Даже странно, что до меня эту причину не разглядел ни один отечественный
литературовед и историк литературы. Хотя порой именно то, что лежит на
поверхности, самое простое и очевидное, и ускользает от человеческого
восприятия. Видимо, так произошло и на сей раз…
169
А может быть, все дело в том, что я и сама живу в такое время, когда после
целого десятилетия всевозможных извращений и злобы, буквально
захлестнувших отечественное искусство, души многих людей опять
переполнились избыточным добром, которое тоже уже потихоньку начинает
выплескиваться на страницы книг и экраны телевизоров? Поэтому мне и проще, чем другим, все это понять и почувствовать -- я имею в виду своих
предшественников -- я даже явственно ощущаю неизбежность предстоящей
смены и могу говорить об этом совершенно спокойно и уверенно -- так, будто
это и вправду всего лишь смена дня и ночи…
Хотя, должна покаяться, лично мне всегда больше нравилось зло во всех его
разнообразных проявлениях. Даже не знаю почему. Может быть, потому что я
очень долго читала исключительно одни сказки, причем не только в детстве, а
уже будучи во вполне сознательном возрасте, когда все нормальные люди уже
давно начали читать романы.
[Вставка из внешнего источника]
Lemma extremal_two_cycle_col_gt e f a b a' b' : two_cycle s1 s2 e f ->
  four_cycle s1 s2 a b a' b' -> aligned a b a' b' -> (b < f)%N.
Proof.
move=> /andP[/eqP s1e /eqP s2e] c /andP[aa' bb'].
have /andP[na na'] := four_cycle_disagree c.
case/and5P: c => _ _ /eqP s1a /eqP s1a' /andP[/eqP s2a /eqP s2a'].
have [ae a'e] : a != e /\ a' != e.
  by split; [apply: contraNneq na | apply: contraNneq na'] => ->; rewrite s1e s2e.
have [a_a' a'a] : a != a' /\ a' != a by rewrite -!val_eqE ltn_eqF ?gtn_eqF.
case: (ltngtP b f) => [// | fb | /val_inj bf]; exfalso; last first.
  by move: ae; rewrite -(inj_eq (@perm_inj _ s1)) s1a s1e bf eqxx.
case: (ltngtP e a) => [lt_ea | lt_ae | /val_inj ea]; last by rewrite ea eqxx in ae.
  have s2_ea : (s2 e < s2 a)%N by rewrite s2e s2a (ltn_trans fb bb').
  have s2_aa' : (swap s2 e a a < swap s2 e a a')%N.
    by rewrite swapR swapD // s2e s2a'.
  apply: (@extremal_no_triple_improvement _ _ e a a' (improves_trans
    (improves_swap2 A s1 HB aa' s2_aa') (improves_swap2 A s1 HB lt_ea s2_ea)) na na').
    by move=> i ie ia ia'; rewrite !swapD.
  by apply/or3P/Or32; rewrite swapL swapD // s2a' s1a.
case: (ltngtP e a') => [lt_ea' | lt_a'e | /val_inj ea']; last by rewrite ea' eqxx in a'e.
  have s1_ae : (s1 e < s1 a)%N by rewrite s1e s1a.
  have s2_ea' : (s2 e < s2 a')%N by rewrite s2e s2a'.
  apply: (@extremal_no_triple_improvement _ _ e a a' (improves_trans
    (improves_swap2 A _ HB lt_ea' s2_ea') (improves_swap1 B s2 HA lt_ae s1_ae)) na na').
    by move=> i ie ia ia'; rewrite !swapD.
  by apply/or3P/Or31; rewrite swapR swapL s1a s2a'.
have s1_a'e : (s1 e < s1 a')%N by rewrite s1e s1a' (ltn_trans fb bb').
have s1_aa' : (swap s1 a' e a' < swap s1 a' e a)%N by rewrite swapL swapD // s1e s1a.
apply: (@extremal_no_triple_improvement _ _ e a a' (improves_trans
  (improves_swap1 B s2 HA aa' s1_aa') (improves_swap1 B s2 HA lt_a'e s1_a'e)) na na').
  by move=> i ie ia ia'; rewrite !swapD.
by apply/or3P/Or33; rewrite swapR swapD // s1a s2a'.
Qed.

Lemma extremal_two_cycle_col_lt e f a b a' b' : two_cycle s1 s2 e f ->
  four_cycle s1 s2 a b a' b' -> aligned a b a' b' -> (f < b')%N.
Proof.
move=> /andP[/eqP s1e /eqP s2e] c /andP[aa' bb'].
have /andP[na na'] := four_cycle_disagree c.
case/and5P: c => _ _ /eqP s1a /eqP s1a' /andP[/eqP s2a /eqP s2a'].
have [ae a'e] : a != e /\ a' != e.
  by split; [apply: contraNneq na | apply: contraNneq na'] => ->; rewrite s1e s2e.
have [a_a' a'a] : a != a' /\ a' != a by rewrite -!val_eqE ltn_eqF ?gtn_eqF.
case: (ltngtP f b') => [// | b'f | /val_inj fb']; exfalso; last first.
  by move: a'e; rewrite -(inj_eq (@perm_inj _ s1)) s1a' s1e fb' eqxx.
case: (ltngtP e a) => [lt_ea | lt_ae | /val_inj ea]; last by rewrite ea eqxx in ae.
  have s1_ea : (s1 a < s1 e)%N by rewrite s1e s1a (ltn_trans bb' b'f).
  have s1_aa' : (swap s1 e a a' < swap s1 e a a)%N.
    by rewrite swapR swapD // s1e s1a'.
  apply: (@extremal_no_triple_improvement _ _ e a a' (improves_trans
    (improves_swap1 B s2 HA aa' s1_aa') (improves_swap1 B s2 HA lt_ea s1_ea)) na na').
    by move=> i ie ia ia'; rewrite !swapD.
  by apply/or3P/Or32; rewrite swapL swapD // s1a' s2a.
case: (ltngtP e a') => [lt_ea' | lt_a'e | /val_inj ea']; last by rewrite ea' eqxx in a'e.
  have s1_ea' : (s1 a' < s1 e)%N by rewrite s1e s1a'.
  have s2_ae : (s2 a < s2 e)%N by rewrite s2e s2a.
  apply: (@extremal_no_triple_improvement _ _ e a a' (improves_trans
    (improves_swap2 A _ HB lt_ae s2_ae) (improves_swap1 B s2 HA lt_ea' s1_ea')) na na').
    by move=> i ie ia ia'; rewrite !swapD.
  by apply/or3P/Or31; rewrite swapL swapR s1a' s2a.
have s2_a'e : (s2 a' < s2 e)%N by rewrite s2e s2a' (ltn_trans bb' b'f).
have s2_aa' : (swap s2 a' e a < swap s2 a' e a')%N by rewrite swapL swapD // s2e s2a.
apply: (@extremal_no_triple_improvement _ _ e a a' (improves_trans
  (improves_swap2 A s1 HB aa' s2_aa') (improves_swap2 A s1 HB lt_a'e s2_a'e)) na na').
  by move=> i ie ia ia'; rewrite !swapD.
by apply/or3P/Or33; rewrite swapR swapD // s1a' s2a.
Qed.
Допускаю, что это свидетельствует даже о каком-то
моем отставании в развитии, вполне возможно… Одним словом, я перечитала
огромное количество сказок практически всех народов мира: от братьев Гримм
до африканских, где главными героями, в основном, были крокодилы, змеи и
обезьяны… Люди, правда, тоже встречались, но только в качестве
второстепенных персонажей, которые, ко всему прочему, еще и жрали какую-то
маниоку. Что это такое – я так до сих пор и не поняла. Долгое время мне
казалось, что это какая-то жуткая гадость, нечто среднее между манной кашей и
мороженой картошкой, к тому же омерзительно-сладкого вкуса. В результате, у
меня все африканские сказки запечатлелись в сознании в виде одного
масштабного полотна: на плетеном вращающемся кресле сидит негр и крутится
туда-сюда, улыбаясь при этом ослепительной белозубой улыбкой, а сбоку к нему
подкрадывается нечто вроде огромного паука, причем самого паука я не вижу, а
вижу только его блестящие согнутые под острым углом лапки, которыми он
быстро-быстро так перебирает… Примерно половина этих африканских сказок
была посвящена воскрешению покойников, причем иногда почти совсем
разложившихся, с лохмотьями прогнившего мяса, болтавшегося на пожелтевших
костях, с высосанными червями глазами и огромными почерневшими от сырости
зубами. И вот такой трупак вдруг вскакивал и начинал выплясывать перед
собравшимися неграми ритуальные танцы, а дальше мог сделать абсолютно все, о чем его попросит воскресивший его колдун, -- все, что угодно, даже замочить
человека, который кому-то мешает, или же забрать у него деньги и
драгоценности...
И только гораздо позже я узнала, что подобные церемонии в африканской
культуре существуют до сих пор и называются «вуду». Одна моя знакомая
француженка, долгое время преподававшая французскую литературу в
университете в Конго, рассказывала мне, что как-то, нанюхавшись вместе с
приятелем всякой дряни, поддалась на уговоры и согласилась сопровождать его
на одну вечеринку, куда того, в свою очередь, пригласил друг, местный житель.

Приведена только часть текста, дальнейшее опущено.